+++ Data provided

(* Consider the heterogeneous subgradient algorithm as in the setting below. Suppose $\{\mathbb G(t)\}$ is uniformly strongly connected by sub-sequences of length $L$ and $\|g_i(t)\|\le G$ for all $i,t$, for some $G>0$. Let $\eta,\mu$ be constants as described below. Then for all $t\ge0$ and $i\in\mathcal V$, $$\Big\|z_i(t+1)-\frac1n\sum_{k=1}^nx_k(t)\Big\|\le\frac8\eta\mu^t\sum_{k=1}^n\|x_k(0)\|+\frac{8nG}{\eta\mu}\sum_{s=0}^t\mu^{t-s}\alpha(s).$$ If in addition $\{\alpha(t)\}$ is positive, non-increasing, with $\sum_t\alpha(t)=\infty$ and $\sum_t\alpha^2(t)<\infty$, then for all $t\ge0$ and $i\in\mathcal V$, $$\Big\|z_i(t+1)-\frac1n\sum_{k=1}^nx_k(t)\Big\|\le\frac8\eta\mu^t\sum_{k=1}^n\|x_k(0)\|+\frac{8nG}{\eta\mu(1-\mu)}\big(\alpha(0)\mu^{t/2}+\alpha(\lceil t/2\rceil)\big).$$
   Context: Setting. Fix $n$ agents, $\mathcal V=\{1,\dots,n\}$. For each $t\in\{0,1,2,\dots\}$, $\mathbb G(t)=(\mathcal V,\mathcal E(t))$ is a directed graph containing a self-arc $(i,i)$ at every vertex; $\mathcal N_i(t)=\{j:(j,i)\in\mathcal E(t)\}$ and $\mathcal N_i^-(t)=\{k:(i,k)\in\mathcal E(t)\}$. Weights $w_{ij}(t)$ are positive for $j\in\mathcal N_i(t)$ and $w_{ij}(t)=0$ otherwise, and satisfy: there is $\beta>0$ with $w_{ij}(t)\ge\beta$ whenever $j\in\mathcal N_i(t)$, and $\sum_{j\in\mathcal N_i^-(t)}w_{ji}(t)=1$ for all $i,t$. Write $\Phi_W(t,\tau)=W(t-1)\cdots W(\tau)$ for $t>\tau$, where $W(t)=[w_{ij}(t)]$. Uniformly strongly connected by sub-sequences of length $L$: for every $t\ge0$ the graph with vertex set $\mathcal V$ and edge set $\bigcup_{k=t}^{t+L-1}\mathcal E(k)$ is strongly connected. Heterogeneous subgradient algorithm: each agent $i$ has a convex $f_i:\mathbb R^d\to\mathbb R$ and an arbitrary switching signal $\sigma_i(t)\in\{0,1\}$. With stepsizes $\alpha(t)>0$: $x_i(t+1)=\sum_{j\in\mathcal N_i(t)}w_{ij}(t)[x_j(t)-\alpha(t)g_j(t)\sigma_j(t)]-\alpha(t)g_i(t)(1-\sigma_i(t))$, $x_i(0)\in\mathbb R^d$; $y_i(t+1)=\sum_{j\in\mathcal N_i(t)}w_{ij}(t)y_j(t)$, $y_i(0)=1$; $z_i(t)=x_i(t)/y_i(t)$; $g_i(t)$ is a subgradient of $f_i$ at $z_i(t)$. (All $\sigma_i\equiv1$ gives subgradient-push; all $\sigma_i\equiv0$ gives push-subgradient.) Constants: $\eta>0$ is any constant with $y_i(t)\ge\eta$ for all $i,t$ (e.g. $\eta=n^{-nL}$); $\mu\in(0,1)$ is any constant for which there exist stochastic vectors $\phi(t)\in\mathbb R^n$ with $|[\Phi_W(t+1,s)]_{ij}-\phi_i(t)|\le4\mu^{t-s}$ for all $i,j\in\mathcal V$, $t\ge s\ge0$ (e.g. $\mu=(1-n^{-nL})^{1/L}$). *)

From HB Require Import structures.
From mathcomp Require Import all_boot all_order all_algebra.
From mathcomp Require Import all_classical all_reals all_analysis.
Set Implicit Arguments. Unset Strict Implicit. Unset Printing Implicit Defensive.
Import Order.TTheory GRing.Theory Num.Theory.
Local Open Scope ring_scope.

Definition dotv {R : realType} {d : nat} (u v : 'rV[R]_d) : R :=
  \sum_(k < d) u 0 k * v 0 k.
Definition enorm {R : realType} {d : nat} (v : 'rV[R]_d) : R :=
  Num.sqrt (\sum_(k < d) v 0 k ^+ 2).

Definition convex_fun {R : realType} {d : nat} (f : 'rV[R]_d -> R) : Prop :=
  forall (x y : 'rV[R]_d) (l : R), 0 <= l <= 1 ->
    f (l *: x + (1 - l) *: y) <= l * f x + (1 - l) * f y.

Definition is_subgradient {R : realType} {d : nat} (f : 'rV[R]_d -> R)
  (z g : 'rV[R]_d) : Prop :=
  forall y, f z + dotv g (y - z) <= f y.

(* phiW W s k = W(s+k-1) ... W(s)  (k factors);
   hence Phi_W(t, tau) = phiW W tau (t - tau) for t > tau. *)
Fixpoint phiW {R : realType} {n : nat} (W : nat -> 'M[R]_n) (s k : nat)
  : 'M[R]_n :=
  match k with
  | 0 => 1%:M
  | k'.+1 => W (s + k')%N *m phiW W s k'
  end.

Definition Phi_W {R : realType} {n : nat} (W : nat -> 'M[R]_n) (t tau : nat)
  : 'M[R]_n := phiW W tau (t - tau).

(* E t j i  means the arc (j,i) belongs to E(t). Strong connectivity of the
   union graph over the window [t, t+L-1]. *)
Definition USC {n : nat} (E : nat -> rel 'I_n) (L : nat) : Prop :=
  forall t : nat, forall u v : 'I_n,
    connect (fun a b => [exists k : 'I_L, E (t + k)%N a b]) u v.

(* Writing p_j(t) = -alpha(t) sigma_j(t) g_j(t) for the part of the step
   that is mixed and q_i(t) = -alpha(t) (1 - sigma_i(t)) g_i(t) for the
   part applied locally, the iteration is a perturbed push-sum recursion
     x(t+1) = W(t) (x(t) + p(t)) + q(t),      y(t+1) = W(t) y(t),
   with column-stochastic W(t).  By variation of constants, x(t+1) is
   Phi(t+1,0) x(0) plus the perturbations propagated by Phi(t+1,s), while
   the total mass sum_k x_k(t) only changes by the perturbations.  Since
   the rows of Phi(t+1,s) are within 4 mu^(t-s) of a stochastic vector,
   every term of x_i(t+1) - y_i(t+1) * avg x(t) is bounded by a
   geometrically discounted sum of the perturbation sizes (at most
   n G alpha(s)); dividing by y_i(t+1) >= eta gives the first estimate.
   For non-increasing steps, splitting the discounted sum at uphalf t
   gives the second one. *)

From HB Require Import structures.
From mathcomp Require Import all_boot all_order all_algebra.
From mathcomp Require Import all_classical all_reals all_analysis.
From mathcomp Require Import ring lra zify.
Import Order.TTheory GRing.Theory Num.Theory.
Local Open Scope classical_set_scope.
Local Open Scope ring_scope.

Section EuclideanNorm.
Context {R : realType} {d : nat}.
Implicit Types u v : 'rV[R]_d.

Lemma enorm_ge0 v : 0 <= enorm v.
Proof. exact: sqrtr_ge0. Qed.

Lemma sumsq_ge0 v : 0 <= \sum_(k < d) v 0 k ^+ 2.
Proof. by apply: sumr_ge0 => k _; exact: sqr_ge0. Qed.

Lemma sqr_enorm v : enorm v ^+ 2 = \sum_(k < d) v 0 k ^+ 2.
Proof. by rewrite sqr_sqrtr // sumsq_ge0. Qed.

++++++

(What is required) Gather each line of the records holding the string "Proof".

(Completed task)
Proof. exact: sqrtr_ge0. Qed.
Proof. by apply: sumr_ge0 => k _; exact: sqr_ge0. Qed.
Proof. by rewrite sqr_sqrtr // sumsq_ge0. Qed.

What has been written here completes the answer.